WORK ITEM
Find the lines of the data below that include "measurableType". Report their number only.

### DATA TO EXAMINE ###

Lemma prob_sum_le_bins d (T : measurableType d) (R : realType)
    (P : probability T R) (S : nat -> {RV P >-> R}) (n K : nat) (h a : R) :
  mutually_independent S -> (forall i, P (S i @^-1` `]-oo, 0[) = 0%E) ->
  0 < h -> a < K%:R * h ->
  (P [set w | (\sum_(i < n) S i w <= a)%R] <=
   \sum_(phi : {ffun 'I_n -> 'I_K} | (\sum_(i < n) (phi i)%:R * h <= a)%R)
     \prod_(i < n) P (S i @^-1` bin h (phi i)))%E.
Proof.
move=> indepS S_ge0 h_gt0 aK.
pose good (phi : {ffun 'I_n -> 'I_K}) := \sum_(i < n) (phi i)%:R * h <= a.
pose binned (phi : {ffun 'I_n -> 'I_K}) :=
  [set w | forall i : 'I_n, bin h (phi i) (S i w)].
have mbin phi : measurable (binned phi).
  suff -> : binned phi = \bigcap_(i in [set: 'I_n]) (S i @^-1` bin h (phi i)).
    apply: fin_bigcap_measurable => [|i _]; first exact: finite_finset.
    by apply: measurable_funPTI; exact: measurable_itv.
  by apply/seteqP; split => w /= Hw i => [_|]; [exact: Hw | exact: Hw].
have cover : [set w | \sum_(i < n) S i w <= a] `<=`
    \big[setU/set0]_(i < n) (S i @^-1` `]-oo, 0[) `|`
    \big[setU/set0]_(phi | good phi) binned phi.
  move=> w /= sum_le.
  have [neg|nonneg] := pselect (exists i : 'I_n, S i w < 0).
    left; case: neg => i Si_lt0.
    by rewrite -bigcup_seq; exists i => //=; rewrite mem_index_enum.
  right.
  have [i|phi good_phi phiP] := floor_bin_cover h_gt0 aK _ sum_le.
    by rewrite leNgt; apply/negP => Si_lt0; apply: nonneg; exists i.
  by rewrite -bigcup_seq_cond; exists phi => //=; rewrite mem_index_enum.
apply: le_trans (le_measure _ _ _ cover) _; rewrite ?inE.
- apply: (measurable_sum_le (f := fun i => S i)) => i.
  exact: measurable_funP.
- apply: measurableU; last exact: bigsetU_measurable.
  by apply: bigsetU_measurable => i _; exact: measurable_funPTI.
apply: le_trans (measureU2 _ _ _) _.
- by apply: bigsetU_measurable => i _; exact: measurable_funPTI.
- exact: bigsetU_measurable.
rewrite -[leRHS]add0e; apply: leeD.
  apply: le_trans (le_measure_bigsetU P _ _) _.
    by move=> i _; exact: measurable_funPTI.
  by rewrite big1 // => i _; exact: S_ge0.
apply: le_trans (le_measure_bigsetU P _ _) _ => //.
apply: lee_sum => phi _; rewrite -mutually_independent_ord // => i.
exact: measurable_itv.
Qed.

Section exponential_sum_tail.
Context d (T : measurableType d) (R : realType) (P : probability T R).
Variables (lambda : R) (S : nat -> {RV P >-> R}).
Hypotheses (lambda_gt0 : 0 < lambda) (S_iid : iid_exponential lambda S).

(* The bin width h makes exp(-lambda h / 2) = 4/5, so bin j has mass
   (16/25)^j (9/25) and the Chernoff sum with t = lambda/2 is at most
   (9/25) / (1 - 64/125) = 45/61 <= 3/4. *)
Let h : R := - (2 * ln (4/5)) / lambda.

Let h_gt0 : 0 < h.
Proof. by rewrite divr_gt0 // oppr_gt0 pmulr_rlt0 // ln_lt0 //; lra. Qed.

Let expR_half_bin j : expR (- (lambda / 2 * (j%:R * h))) = (4/5) ^+ j.
Proof.
have -> : - (lambda / 2 * (j%:R * h)) = j%:R * ln (4/5).
  by rewrite /h; field; rewrite lt0r_neq0.
by rewrite expRM_natl lnK // posrE; lra.
Qed.

Let prob_bin i j : P (S i @^-1` bin h j) = ((16/25) ^+ j * (9/25))%:E.
Proof.
have expR_bin k : expR (- lambda * (k%:R * h)) = (16/25) ^+ k.
  have -> : - lambda * (k%:R * h) = 2%:R * (- (lambda / 2 * (k%:R * h))).
    by field.
  by rewrite expRM_natl expR_half_bin -exprM mulnC exprM; congr (_ ^+ _); lra.
have [_ S_exp] := S_iid.
rewrite (exponential_itvco (S_exp i)) ?expR_bin //.
  by rewrite exprS; congr EFin; lra.
by rewrite ler_pM2r // ler_nat leqnSn andbT mulr_ge0 // ltW.
Qed.

Lemma exponential_sum_le_tail n a :
  (P [set w | (\sum_(i < n) S i w <= a)%R] <=
   (expR (lambda * a / 2) * (3/4) ^+ n)%:E)%E.
Proof.
have [indepS S_exp] := S_iid.
pose K := (Num.truncn (a / h)).+1.
have aK : a < K%:R * h by rewrite -ltr_pdivrMr // truncnS_gt.
apply: le_trans (prob_sum_le_bins n indepS _ h_gt0 aK) _.
  by move=> i; apply: exponential_lt0; exact: S_exp.
under eq_bigr do under eq_bigr do rewrite prob_bin.
under eq_bigr do rewrite prodEFin.
rewrite sumEFin lee_fin.
pose p j : R := (16/25) ^+ j * (9/25).
apply: le_trans (chernoff_sum_prod _ _ (fun j => j%:R * h) _
  (p := p) (t := lambda / 2) _ _) _.
- by rewrite divr_ge0 // ltW.
- by move=> j; rewrite mulr_ge0 // exprn_ge0.
rewrite mulrAC; apply: ler_wpM2l; first exact: expR_ge0.
apply: lerXn2r; rewrite ?nnegrE.
- by apply: sumr_ge0 => j _; rewrite !mulr_ge0 ?expR_ge0 ?exprn_ge0.
- lra.
have -> : \sum_(j < K) expR (- (lambda / 2 * (j%:R * h))) * p j =
    series (geometric (9/25) (64/125)) K.
  rewrite /series /= -(big_mkord xpredT
    (fun j => expR (- (lambda / 2 * (j%:R * h))) * p j)).
  apply: eq_bigr => j _; rewrite expR_half_bin /p /geometric /=.
  have -> : 64/125 = 4/5 * (16/25) :> R by lra.
  rewrite [in RHS]exprMn; move: ((4/5 : R) ^+ j) ((16/25 : R) ^+ j) => x y.
  by rewrite (mulrA x y) mulrC.
apply: le_trans (geometric_le_lim _ _ _ _) _; [lra | lra | | ].
  by rewrite ger0_norm; lra.
by rewrite ler_pdivrMr; lra.
Qed.

End exponential_sum_tail.

Lemma nneseries_geometric (R : realType) (x : R) : 0 <= x < 1 ->
  (\sum_(k <oo) (x ^+ k)%:E = ((1 - x)^-1)%:E)%E.
Proof.
move=> /andP[x_ge0 x_lt1]; apply/cvg_lim => //.
rewrite -[X in X%:E]mul1r; apply: cvg_EFin.
  by apply: nearW => n; rewrite sumEFin.
have := @cvg_geometric_series R 1 x; rewrite ger0_norm // => /(_ x_lt1).
apply: cvg_trans; apply: near_eq_cvg; apply: nearW => n /=.
rewrite sumEFin /= /series /=.
by apply: eq_bigr => k _; rewrite /geometric /= mul1r.
Qed.

Lemma expR_half_pow_truncn_le1 (R : realType) (y : R) : 0 <= y ->
  expR (y / 2) * (3/4) ^+ Num.truncn (2 * y + 1) <= 1.
Proof.
move=> y_ge0; set n := Num.truncn _.
have y_lt_n : 2 * y < n%:R.
  have /andP[_] :=
    truncn_itv (ltW (ltr_pwDr ltr01 (mulr_ge0 (ler0n R 2) y_ge0))).
  by rewrite -/n -natr1; lra.
have quarter_le : 3/4 <= expR (- (1/4)) :> R.
  by apply: le_trans (expR_ge1Dx _); lra.
apply: le_trans (ler_wpM2l (expR_ge0 _) (lerXn2r n _ _ quarter_le)) _.
- by rewrite nnegrE; lra.
- by rewrite nnegrE expR_ge0.
by rewrite -expRM_natl -expRD expR_le1; lra.
Qed.

Lemma ereal_inf_nat_sub_le_count (R : realType) (A : pred nat) (n0 : nat)
    (s : R) :
  n0%:R <= s ->
  (maxe (ereal_inf [set n%:R%:E | n in [set n | A n]] - s%:E) 0 <=
   \sum_(k <oo) ((~~ A (n0 + k))%:R : R)%:E)%E.
Proof.
move=> n0_le_s.
have count_ge K : (forall k, (k < K)%N -> ~~ A (n0 + k)) ->
    (K%:R%:E <= \sum_(k <oo) ((~~ A (n0 + k))%:R : R)%:E)%E.
  move=> notA; apply: le_trans (nneseries_lim_ge K _) => [|k _ _]; last first.
    by rewrite lee_fin.
  rewrite big_mkord (eq_bigr (fun=> 1%E)) => [|k _]; last by rewrite notA.
  by rewrite sumEFin sumr_const card_ord.
have [[m Am]|noA] := pselect (exists m, A m).
  case: (ex_minnP (ex_intro A m Am)) => {m Am} m Am m_min.
  have -> : ereal_inf [set (n%:R : R)%:E | n in [set n | A n]] = (m%:R : R)%:E.
    apply/eqP; rewrite eq_le ereal_inf_lbound ?andbT; last by exists m.
    by apply: le_ereal_inf_tmp => _ [k Ak <-]; rewrite lee_fin ler_nat m_min.
  apply: le_trans (count_ge (m - n0)%N _) => [|k]; last first.
    by rewrite ltn_subRL => k_lt; apply/negP => /m_min; rewrite leqNgt k_lt.
  rewrite ge_max -EFinB -[0%E]/(0%:E) !lee_fin ler0n andbT.
  have [n0_le_m|m_lt_n0] := leqP n0 m; first by rewrite natrB //; lra.
  rewrite (eqP (ltnW m_lt_n0 : (m - n0 == 0)%N)) subr_le0.
  by apply: le_trans n0_le_s; rewrite ler_nat ltnW.
have -> : [set (n%:R : R)%:E | n in [set n | A n]] = set0.
  by apply/seteqP; split => // x [n An _]; apply: noA; exists n.
suff -> : (\sum_(k <oo) ((~~ A (n0 + k))%:R : R)%:E)%E = +oo%E by rewrite leey.
apply/eqyP => M _; apply: le_trans (count_ge (Num.truncn M).+1 _).
  by rewrite lee_fin ltW // truncnS_gt.
by move=> k _; apply/negP => Ak; apply: noA; exists (n0 + k)%N.
Qed.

###

FINISHED TASK
2